He de confesar que le tengo una especial inquina a José María Aznar, porque me parece una persona, amén de mediocre, de lo más mezquino, ruín y miserable (y a las pruebas me remito, y luego comentaré una de muestra), que nunca habría podido soñar con llegar tan alto como llegó, y que no habría llegado de no ser por un cúmulo de circunstancias fruto más del azar que de su valía personal.

Y había hecho firme propósito de no hablar de él, por entender que ya es una página pasada en la Historia de este país que es mejor olvidar, pero hete aquí que me encuentro que la prensa de hoy recoge la exaltación pública efectuada ayer por Mariano Rajoy de su figura, constatación evidente de que el hombrecillo insufrible, adecuado apelativo acuñado por Manolo Saco en sus a veces bruscos pero casi siempre acertados comentarios en 20 minutos, todavía manda, y mucho, en el principal partido de la oposición.

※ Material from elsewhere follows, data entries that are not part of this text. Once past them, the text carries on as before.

(* For all $M,N\in\Lambda^{001}$, if $M\longrightarrow_\beta^* N$ then $\mathcal T(M)\mathrel{\widetilde{\longrightarrow}_r^*}\mathcal T(N)$.
   Context: Fix a set $\mathcal V$ of variables. A 001-infinitary λ-term is a possibly infinite tree built from variables $x\in\mathcal V$, abstractions $\lambda x.M$ and applications $(M)N$ ($N$ the argument), such that every infinite branch enters infinitely often the argument position of an application node; $\Lambda^{001}$ denotes the set of such terms, up to α-equivalence, with fresh variables always available. $M[N/x]$ is capture-avoiding substitution (defined corecursively). One-step β-reduction $\longrightarrow_\beta$ is the contextual closure (under abstractions and on both sides of applications, each step with a finite derivation) of $(\lambda x.M)N\longrightarrow_\beta M[N/x]$; $\longrightarrow_\beta^*$ is its reflexive-transitive closure. Resource terms: $s::=x\mid\lambda x.s\mid\langle s\rangle\bar t$, $\bar t=[t_1,\dots,t_n]$ a finite multiset of resource terms. Finite sums are finite sets of resource terms written additively ($0$ empty), constructors extended by linearity. Resource substitution $s\langle\bar t/x\rangle$ is the sum over $\sigma\in\mathfrak S_n$ of the terms obtained by substituting $t_{\sigma(i)}$ for the $i$-th free occurrence of $x$ in $s$, if $x$ has exactly $n$ free occurrences in $s$, and $0$ otherwise. Simple resource reduction $\longmapsto_r$ is the least relation from terms (resp. monomials) to finite sums containing $\langle\lambda x.s\rangle\bar t\longmapsto_r s\langle\bar t/x\rangle$ and closed under abstraction, the function and argument positions of application, and elements of monomials ($s\longmapsto_r S\Rightarrow s\cdot\bar t\longmapsto_r S\cdot\bar t$). On finite sums, $\sum_{i=0}^n s_i\longrightarrow_r\sum_{i=0}^n T_i$ whenever $s_0\longmapsto_r T_0$ and for $1\le i\le n$ either $s_i\longmapsto_r T_i$ or $T_i=s_i$; $\longrightarrow_r^*$ is the reflexive-transitive closure. For possibly infinite sets $\mathcal S,\mathcal S'$ of resource terms, $\mathcal S\mathrel{\widetilde{\longrightarrow}_r^*}\mathcal S'$ means: there exist an index set $I$, resource terms $s_i$ and finite sums $S'_i$ ($i\in I$) with $\mathcal S=\{s_i : i\in I\}$, $\mathcal S'=\bigcup_{i\in I}S'_i$ and $s_i\longrightarrow_r^* S'_i$ for all $i$. Taylor approximation $\ltimes$ is defined inductively by $x\ltimes x$; $s\ltimes M\Rightarrow\lambda x.s\ltimes\lambda x.M$; ($s\ltimes M$ and $t_i\ltimes N$ for all $i$) $\Rightarrow\langle s\rangle[t_1,\dots,t_n]\ltimes(M)N$; $\mathcal T(M)=\{s : s\ltimes M\}$. *)

From Stdlib Require Import List Permutation Relations Arith.
Import ListNotations.

CoInductive term : Type :=
| var : nat -> term
| lam : term -> term
| app : term -> term -> term.   (* app M N = (M)N, N in argument position *)

CoInductive bisim : term -> term -> Prop :=
| bisim_var n : bisim (var n) (var n)
| bisim_lam M M' : bisim M M' -> bisim (lam M) (lam M')
| bisim_app M M' N N' : bisim M M' -> bisim N N' -> bisim (app M N) (app M' N').

(* 001 condition: every infinite branch enters the argument position of an
   application infinitely often, i.e. nu X. mu Y. var | lam Y | app Y X *)
Inductive ev001 (P : term -> Prop) : term -> Prop :=
| ev001_var n : ev001 P (var n)
| ev001_lam M : ev001 P M -> ev001 P (lam M)
| ev001_app M N : ev001 P M -> P N -> ev001 P (app M N).

CoInductive is001 : term -> Prop :=
| is001_intro M : ev001 is001 M -> is001 M.

Definition uprn (r : nat -> nat) (n : nat) : nat :=
  match n with 0 => 0 | S m => S (r m) end.

CoFixpoint tren (r : nat -> nat) (M : term) : term :=
  match M with
  | var n => var (r n)
  | lam M => lam (tren (uprn r) M)
  | app M N => app (tren r M) (tren r N)
  end.

Definition up (s : nat -> term) (n : nat) : term :=
  match n with 0 => var 0 | S m => tren S (s m) end.

CoFixpoint tsubst (s : nat -> term) (M : term) : term :=
  match M with
  | var n => s n
  | lam M => lam (tsubst (up s) M)
  | app M N => app (tsubst s M) (tsubst s N)
  end.

Definition subst0 (N : term) (n : nat) : term :=
  match n with 0 => N | S m => var m end.

Inductive beta_step : term -> term -> Prop :=
| beta_root M N : beta_step (app (lam M) N) (tsubst (subst0 N) M)
| beta_lam M M' : beta_step M M' -> beta_step (lam M) (lam M')
| beta_appl M M' N : beta_step M M' -> beta_step (app M N) (app M' N)
| beta_appr M N N' : beta_step N N' -> beta_step (app M N) (app M N').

Por eso no puedo por menos que compartir con vosotros algunos pasajes del libro de memorias de Xabier Arzallus que con el título de Así fue debió ser presentado ayer en la Universidad de Barcelona, y que el Cuaderno Dominical de El Periódico de Catalunya recogía en su edición del pasado domingo 16 de octubre (no pongo un enlace directo al pdf que allí se encuentra porque es necesario el registro para acceder a él, aunque el registro es gratuito). No es que Xabier Arzallus sea santo de mi devoción, porque las ha hecho y dicho muy gordas, pero en mi escala se encuentra algo por encima del susodicho Aznar (cosa por otra parte bastante fácil).

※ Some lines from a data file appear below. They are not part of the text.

Lemma follows_rev e f : follows e f -> follows (gbar f) (gbar e).
Proof.
rewrite /follows gterm_bar gorig_bar => /andP[/eqP -> ne_fe]; rewrite eqxx /=.
by apply: contra ne_fe => /eqP ->; rewrite gbarK.
Qed.

Lemma connect_follows_rev e f :
  connect follows e f -> connect follows (gbar f) (gbar e).
Proof.
move/connectP=> [p ep ->]; elim: p e ep => [|x p IHp] e /=; first by rewrite connect0.
case/andP=> ex xp; apply: connect_trans (IHp x xp) _.
exact/connect1/follows_rev.
Qed.

Lemma card_by_vertex (S : {set gE G}) (phi : gE G -> gV G) :
  #|S| = (\sum_(v : gV G) #|[set f in S | phi f == v]|)%N.
Proof.
rewrite -sum1_card (partition_big phi predT) //=.
by apply: eq_bigr => v _; rewrite -sum1_card; apply: eq_bigl => f; rewrite inE.
Qed.

Lemma valence_finset v : valence v = #|[set e : gE G | gorig e == v]|.
Proof. by apply: eq_card => x; rewrite inE; apply/idP/idP; rewrite in_setE. Qed.

Hypothesis no_valence12 : forall v : gV G, valence v != 1%N /\ valence v != 2%N.

(* At every vertex v at most one edge of S ends
   (two would let S contain the reverse of one of them), and if one does,
   all the other (>= 2) edges leaving v follow it: so out(v) >= 2 in(v). *)
Lemma closed_set_out_in (S : {set gE G}) :
  (forall f, f \in S -> gbar f \notin S) ->
  (forall f g, f \in S -> follows f g -> g \in S) ->
  forall v, (2 * #|[set f in S | gterm f == v]| <= #|[set f in S | gorig f == v]|)%N.
Proof.
move=> S_bar S_follows v.
have [->|[f]] := set_0Vmem [set f in S | gterm f == v]; first by rewrite cards0.
rewrite inE => /andP[fS /eqP fv].
have in_le1 : (#|[set f in S | gterm f == v]| <= 1)%N.
  rewrite -(cards1 f); apply/subset_leq_card/fintype.subsetP => f'.
  rewrite !inE => /andP[f'S /eqP f'v]; apply: contraLR (S_bar f fS) => nf; rewrite negbK.
  apply: S_follows f'S _; rewrite /follows gorig_bar f'v fv eqxx /=.
  by apply: contra nf => /eqP /gbar_inj ->.
have out_ge2 : (2 <= #|[set f in S | gorig f == v]|)%N.
  have sub : [set g | gorig g == v] :\ gbar f \subset [set f in S | gorig f == v].
    apply/fintype.subsetP => g; rewrite !inE => /andP[ng /eqP gv].
    by rewrite gv eqxx andbT; apply: S_follows fS _; rewrite /follows fv gv eqxx.
  apply: leq_trans (subset_leq_card sub).
  have bf_out : gbar f \in [set g | gorig g == v] by rewrite inE gorig_bar fv.
  have := cardsD1 (gbar f) [set g | gorig g == v]; rewrite bf_out.
  have [val1 val2] := no_valence12 v; rewrite valence_finset in val1 val2.
  by move: val1 val2; case: #|_| => [|[|[|c]]] //; lia.
by apply: leq_trans out_ge2; rewrite -{2}(muln1 2) leq_mul2l.
Qed.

En el libro cuenta cosas como la fascinación que Aznar sintió por él en un determinado momento:

Lo de Aznar con mi persona alcanzó extremos realmente

patológicos. Un miembro de su Gobierno me dijo: ‘Hubo un momento

en que tuvo más confianza contigo que con nosotros’.

¡Hay que ver, como cambiaron luego las cosas, y lo que Aznar y los suyos han llegado a decir de Arzallus!

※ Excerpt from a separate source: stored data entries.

(* Write q = n %/ (2k+3) and r = n %% (2k+3), so that (2n) %/ (2k+3) = 2q + [r >= k+2].
   Lower bound: let D be isolating. Each block {u_i} u V(G_i) contains at least two vertices of D.
   Otherwise D dominates inside G_i at most the closed neighbourhood of one vertex a of
   C(k) (u_i only dominates v_{i,1}), while the antipode of a in C(k) is the centre of a
   K_{1,k} avoiding N[a]. If r >= k+2, D also meets the tail u_{q+1}, ..., u_{q+r}, or else
   u_{q+r} is the centre of a K_{1,k} whose leaves are u_{q+2}, ..., u_{q+k+1}.
   Upper bound: u_1, ..., u_q, the vertices v_{i,k+2} antipodal to v_{i,1}, and u_{q+r}
   when r >= k+2 form an isolating set, because every remaining vertex has at most k
   remaining vertices in its closed neighbourhood. *)

Section IsolatingSets.
Variables (T : finType) (adj : rel T) (k : nat).

Lemma iota_star_le (D : {set T}) : isolating adj k D -> iota_star adj k <= #|D|.
Proof.
move=> isoD; rewrite /iota_star -minEnat.
exact: (bigmin_le_cond _ (fun E : {set T} => #|E|) isoD).
Qed.

Lemma iota_star_ge N :
  N <= #|T| -> (forall D, isolating adj k D -> N <= #|D|) -> N <= iota_star adj k.
Proof.
move=> NT lbD; apply: (big_ind (fun m => N <= m)) => // a b Na Nb.
by rewrite leq_min Na Nb.
Qed.

Lemma closed_nbhdPn (D : {set T}) x :
  reflect (x \notin D /\ {in D, forall d, ~~ adj d x}) (x \notin closed_nbhd adj D).
Proof.
rewrite inE negb_or; apply: (iffP andP) => -[xD nadj]; split=> //.
  by move=> d dD; apply: contra nadj => adx; apply/existsP; exists d; rewrite dD.
by apply/existsPn => d; apply/andP => -[dD]; apply/negP; apply: nadj.
Qed.

Lemma has_star_outsideI (X S : {set T}) v :
  v \notin X -> v \notin S -> #|S| = k -> [disjoint S & X] -> {in S, forall w, adj v w} ->
  has_star_outside adj k X.
Proof.
move=> vX vS Sk SX Sadj; apply/existsP; exists v; apply/existsP; exists S.
by rewrite vX vS Sk eqxx SX; apply/forallP => w; apply/implyP => /Sadj.
Qed.

Lemma no_star_outside_small_nbhd (X : {set T}) :
  (forall v, v \notin X -> #|[set w | w \notin X & (w == v) || adj v w]| <= k) ->
  ~~ has_star_outside adj k X.
Proof.
move=> small; apply/existsP => -[v /existsP[S /and5P[vX vS /eqP Sk SX /forallP Sadj]]].
have : #|v |: S| <= k.
  apply: leq_trans (small v vX); apply: subset_leq_card; apply/subsetP => w.
  rewrite in_setU1 inE => /predU1P[-> | wS]; first by rewrite vX eqxx.
  by rewrite (disjointFr SX wS) (implyP (Sadj w) wS) orbT.
by rewrite cardsU1 vS Sk ltnn.
Qed.

End IsolatingSets.

Lemma has_star_outside_inj (T' T : finType) (adj' : rel T') (adj : rel T) (f : T' -> T) k
    (X' : {set T'}) (X : {set T}) :
  injective f -> (forall x y, adj' x y -> adj (f x) (f y)) ->
  (forall x, f x \in X -> x \in X') -> has_star_outside adj' k X' -> has_star_outside adj k X.
Proof.
move=> f_inj f_adj f_X /existsP[v /existsP[S /and5P[vX vS /eqP Sk SX /forallP Sadj]]].
apply: (has_star_outsideI (v := f v) (S := f @: S)).
- by apply: contra vX => /f_X.
- by rewrite mem_imset.
- by rewrite card_imset.
- rewrite disjoint_subset; apply/subsetP => _ /imsetP[w wS ->]; rewrite inE.
  by apply: contraFN (disjointFr SX wS) => /f_X.
- by move=> _ /imsetP[w wS ->]; apply/f_adj/(implyP (Sadj w)).
Qed.

Lemma card_ord_le_size m (A : {set 'I_m}) (s : seq nat) :
  {in A, forall i : 'I_m, (i : nat) \in s} -> #|A| <= size s.
Proof.
move=> As; rewrite cardE -(size_map val) uniq_leq_size ?(map_inj_uniq val_inj) ?enum_uniq //.
by move=> u /mapP[i]; rewrite mem_enum => /As si ->.
Qed.

Lemma card_ord_in_seq m (s : seq nat) :
  uniq s -> all (fun i => i < m) s -> #|[set i : 'I_m | (i : nat) \in s]| = size s.
Proof.
move=> us /allP sm; rewrite cardE -(size_map val); apply/perm_size/uniq_perm => //.
  by rewrite (map_inj_uniq val_inj) enum_uniq.
move=> i; apply/mapP/idP => [[j] | si]; first by rewrite mem_enum inE => ? ->.
by exists (Ordinal (sm i si)); rewrite // mem_enum inE.
Qed.

Lemma card_le1_const (T : finType) (U : Type) (f : T -> U) (B : {set T}) (u0 : U) :
  #|B| <= 1 -> exists a, {in B, forall x, f x = a}.
Proof.
move=> /card_le1_eqP B1; case: (set_0Vmem B) => [-> | [x xB]].
  by exists u0 => y; rewrite inE.
by exists (f x) => y yB; rewrite (B1 y x).
Qed.

Lemma cards_sum (A B : finType) (X : {set A + B}) :
  #|X| = #|[set a | inl a \in X]| + #|[set b | inr b \in X]|.
Proof. by rewrite -!sum1_card big_sumType; congr (_ + _); apply: eq_bigl => ?; rewrite inE. Qed.

Lemma divn_double n d : 0 < d -> (2 * n) %/ d = 2 * (n %/ d) + (d <= 2 * (n %% d)).
Proof.
move=> d0; rewrite {1}(divn_eq n d) mulnDr mulnA divnMDl //; apply: congr1.
have := ltn_pmod n d0; case: (leqP d (2 * (n %% d))) => [d_le | d_gt] r_lt; last first.
  by rewrite divn_small.
have -> : 2 * (n %% d) = 1 * d + (2 * (n %% d) - d) by lia.
by rewrite divnMDl // divn_small //; lia.
Qed.

(* For a, b < m: the circular distance between a and b in Z_m lies in [1, r]. *)
Definition circ_adj m r a b :=
  [|| (a < b) && (b <= a + r), (b < a) && (a <= b + r), a + m <= b + r | b + m <= a + r].

Lemma modstarE s m : 0 < s < m + m -> modstar s m = if s <= m then s else s - m.
Proof.
move=> /andP[s0 sm]; rewrite /modstar; case: (ltngtP s m) => [s_lt | s_gt | ->].
- by rewrite modn_small //; case: eqP s0 => // ->.
- rewrite -(subnK (ltnW s_gt)) modnDr modn_small; last by lia.
  by case: eqP => //; lia.
- by rewrite modnn.
Qed.

Lemma Cpow_adjC m r x y : Cpow_adj m r x y = Cpow_adj m r y x.
Proof. by apply: eq_has => i; apply: eq_has => j; rewrite orbC. Qed.

Lemma Cpow_adj_shift m r x y j :
  r < m -> x < m -> y < m -> 0 < j <= r -> (x + j == y) || (x + j == y + m) ->
  Cpow_adj m r x.+1 y.+1.
Proof.
move=> rm xm ym j_in xjy; apply/hasP; exists x.+1; first by rewrite mem_iota; lia.
apply/hasP; exists j; first by rewrite mem_iota; lia.
by rewrite eqxx modstarE; [case: ifP; lia | lia].
Qed.

Lemma Cpow_adjE m r a b :
  r < m -> a < m -> b < m -> Cpow_adj m r a.+1 b.+1 = circ_adj m r a b.
Proof.
move=> rm am bm; apply/idP/idP => [/hasP[i + /hasP[j]] | ab].
  rewrite !mem_iota => i_in j_in.
  by rewrite modstarE; [case: ifP; rewrite /circ_adj; lia | lia].
case/or4P: ab => ab.
- by apply: (Cpow_adj_shift (j := b - a)); lia.
- by rewrite Cpow_adjC; apply: (Cpow_adj_shift (j := a - b)); lia.
- by rewrite Cpow_adjC; apply: (Cpow_adj_shift (j := a + m - b)); lia.
- by apply: (Cpow_adj_shift (j := b + m - a)); lia.
Qed.

(* C(k) relabelled on the positions 0, ..., 2k+1: position a is the vertex a+1. *)
Definition cadj k a b := Ck_adj k a.+1 b.+1.
Definition cnbhd k a b := (b == a) || cadj k a b.

(* The extra edges of C(2H+1) in positions: a perfect matching pairing each position of
   [0, H] u [2H+2, 3H+2] with its successor at distance H+1. *)
Definition matched H a b := ((a <= H) || (2 * H + 2 <= a <= 3 * H + 2)) && (b == a + H + 1).

Lemma even_or_odd k : 2 <= k ->
  (exists2 H, 1 <= H & k = 2 * H) \/ (exists2 H, 1 <= H & k = 2 * H + 1).
Proof.
move=> k2; have kE := odd_double_half k; case: (odd k) kE => /= kE.
  by right; exists k./2; lia.
by left; exists k./2; lia.
Qed.

Lemma cadj_even H a b : 1 <= H -> a < 2 * (2 * H) + 2 -> b < 2 * (2 * H) + 2 ->
  cadj (2 * H) a b = circ_adj (2 * (2 * H) + 2) H a b.
Proof.
move=> H1 am bm; rewrite /cadj /Ck_adj.
have -> : odd (2 * H) = false by lia.
have -> : (2 * H)./2 = H by lia.
by rewrite Cpow_adjE //; lia.
Qed.

Lemma cadj_odd H a b : 1 <= H -> a < 2 * (2 * H + 1) + 2 -> b < 2 * (2 * H + 1) + 2 ->
  cadj (2 * H + 1) a b =
  [|| circ_adj (2 * (2 * H + 1) + 2) H a b, matched H a b | matched H b a].
Proof.
move=> H1 am bm; rewrite /cadj /Ck_adj.
have -> : odd (2 * H + 1) by lia.
have -> : (2 * H + 1 - 1)./2 = H by lia.
rewrite Cpow_adjE; try lia.
by rewrite /Cextra_edge /matched -!orbA; congr [|| _, _ | _]; apply/idP/idP; lia.
Qed.

Definition addmod m y d := if y + d < m then y + d else y + d - m.

Variant addmod_spec m y d : nat -> Type :=
  | AddmodSmall of y + d < m : addmod_spec m y d (y + d)
  | AddmodWrap of m <= y + d : addmod_spec m y d (y + d - m).

Lemma addmodP m y d : addmod_spec m y d (addmod m y d).
Proof. by rewrite /addmod; case: ltnP => h; constructor. Qed.

Lemma addmod_lt m y d : y < m -> d < m -> addmod m y d < m.
Proof. by case: addmodP; lia. Qed.

Definition antipode k a := addmod (2 * k + 2) a (k + 1).

(* Offsets, taken mod 2k+2, from y to its neighbours; for odd k, partner_offset leads to the
   partner of y in the extra matching. *)
Definition partner_offset k y :=
  let H := k./2 in if (y <= H) || (2 * H + 2 <= y <= 3 * H + 2) then H + 1 else 3 * H + 3.

Definition nbr_offsets k y :=
  iota 1 k./2 ++ nseq (odd k) (partner_offset k y) ++ iota (2 * k + 2 - k./2) k./2.

Definition nbrs k y := [seq addmod (2 * k + 2) y d | d <- nbr_offsets k y].

Lemma mem_nbr_offsets k y d :
  d \in nbr_offsets k y =
  [|| 0 < d <= k./2, odd k && (d == partner_offset k y) | 2 * k + 2 - k./2 <= d < 2 * k + 2].
Proof. by rewrite !mem_cat !mem_iota mem_nseq; congr [|| _, _ | _]; lia. Qed.

Lemma partner_offset_bound k y : odd k -> k./2 < partner_offset k y < 2 * k + 2 - k./2.
Proof. by rewrite /partner_offset; case: ifP; lia. Qed.

Lemma nbr_offsets_bound k y d : d \in nbr_offsets k y -> 0 < d < 2 * k + 2.
Proof.
rewrite mem_nbr_offsets; case: (boolP (odd k)) => [ok | _]; last by lia.
by have := partner_offset_bound y ok; lia.
Qed.

Lemma nbr_offsets_uniq k y : uniq (nbr_offsets k y).
Proof.
rewrite /nbr_offsets; case: (boolP (odd k)) => [ok | _] /=; last first.
  by rewrite cat_uniq !iota_uniq andbT; apply/hasPn => d; rewrite !mem_iota; lia.
have := partner_offset_bound y ok.
rewrite cat_uniq cons_uniq !iota_uniq mem_iota andbT /= => p_bound.
rewrite mem_iota negb_or -andbA; apply/and3P; split; try lia.
by apply/hasPn => d; rewrite !mem_iota; lia.
Qed.

Lemma nbrs_uniq k y : uniq (nbrs k y).
Proof.
rewrite map_inj_in_uniq ?nbr_offsets_uniq // => d1 d2 /nbr_offsets_bound d1_lt.
by move/nbr_offsets_bound; case: addmodP; case: addmodP; lia.
Qed.

Lemma size_nbrs k y : size (nbrs k y) = k.
Proof. by rewrite size_map !size_cat !size_iota size_nseq; lia. Qed.

Lemma antipode_lt k a : a < 2 * k + 2 -> antipode k a < 2 * k + 2.
Proof. by move=> am; apply: addmod_lt; lia. Qed.

Lemma antipode_off_nbhd k a : 2 <= k -> a < 2 * k + 2 -> ~~ cnbhd k a (antipode k a).
Proof.
move=> k2 am; have := antipode_lt am; rewrite /cnbhd /antipode.
case: (even_or_odd k2) => -[H H1 kE] y_lt; subst k.
- by rewrite cadj_even // /circ_adj; move: y_lt; case: addmodP; lia.
- by rewrite cadj_odd // /circ_adj /matched; move: y_lt; case: addmodP; lia.
Qed.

También nos habla de la gran capacidad intelectual de Aznar:

No te aportaba ningún análisis de nada, no proponía nada. Supongo

que tendría una riquísima vida interior, para compensar.

Y nos explica por qué Aznar quiso los votos del PNV para la investidura y el alto precio que por ellos pagó:

No sé por qué Aznar tenía tanto empeño en lograr nuestro voto para

su investidura, pero el caso es que lo tenía y no dudó en pagar un precio

relativamente alto para lograrlo

Alguien nos contó que toda su obsesión era conseguir tantos votos

como los que logró Felipe González cuando fue investido presidente.

Esto no es nuevo, siempre hemos sabido que este individuo era un acomplejado a quien la sombra de Felipe González persiguió durante largo tiempo. Y por culpa de su complejo (el mismo que le llevó a invertir dinero público para conseguir una medalla), no dudó en pagar un alto precio, que además no pagó él, sinó que pagamos todos. Pero claro, era un momento en que los vascos y catalanes eran buenos (aunque antes habían sido malos y luego volvieron a serlo).

Y para ilustrar su sectarismo, aquí está lo que le dijo al jesuita José María Martín Patino:

A Martín Patino lo habían invitado los de Elkarri para alguno de sus actos. Y como él es un hombre muy abierto [...], les dijo que sí.

Al cabo de cierto tiempo, Martín Patino coincidió con Aznar en un acto. [...] Estaba ya en su segundo mandato.

Y se acercó a Martín Patino y le dijo: ‘Me han dicho que usted participa en no sé qué de Elkarri’.

Y el otro respondió: ‘Pues sí’.

Y entonces Aznar le espetó: ‘Usted recibe una subvención que le concede el Gobierno en concepto de… (y le citó de qué era). Pues olvídese de esa subvención’.

Como digo, insufrible hasta el infinito.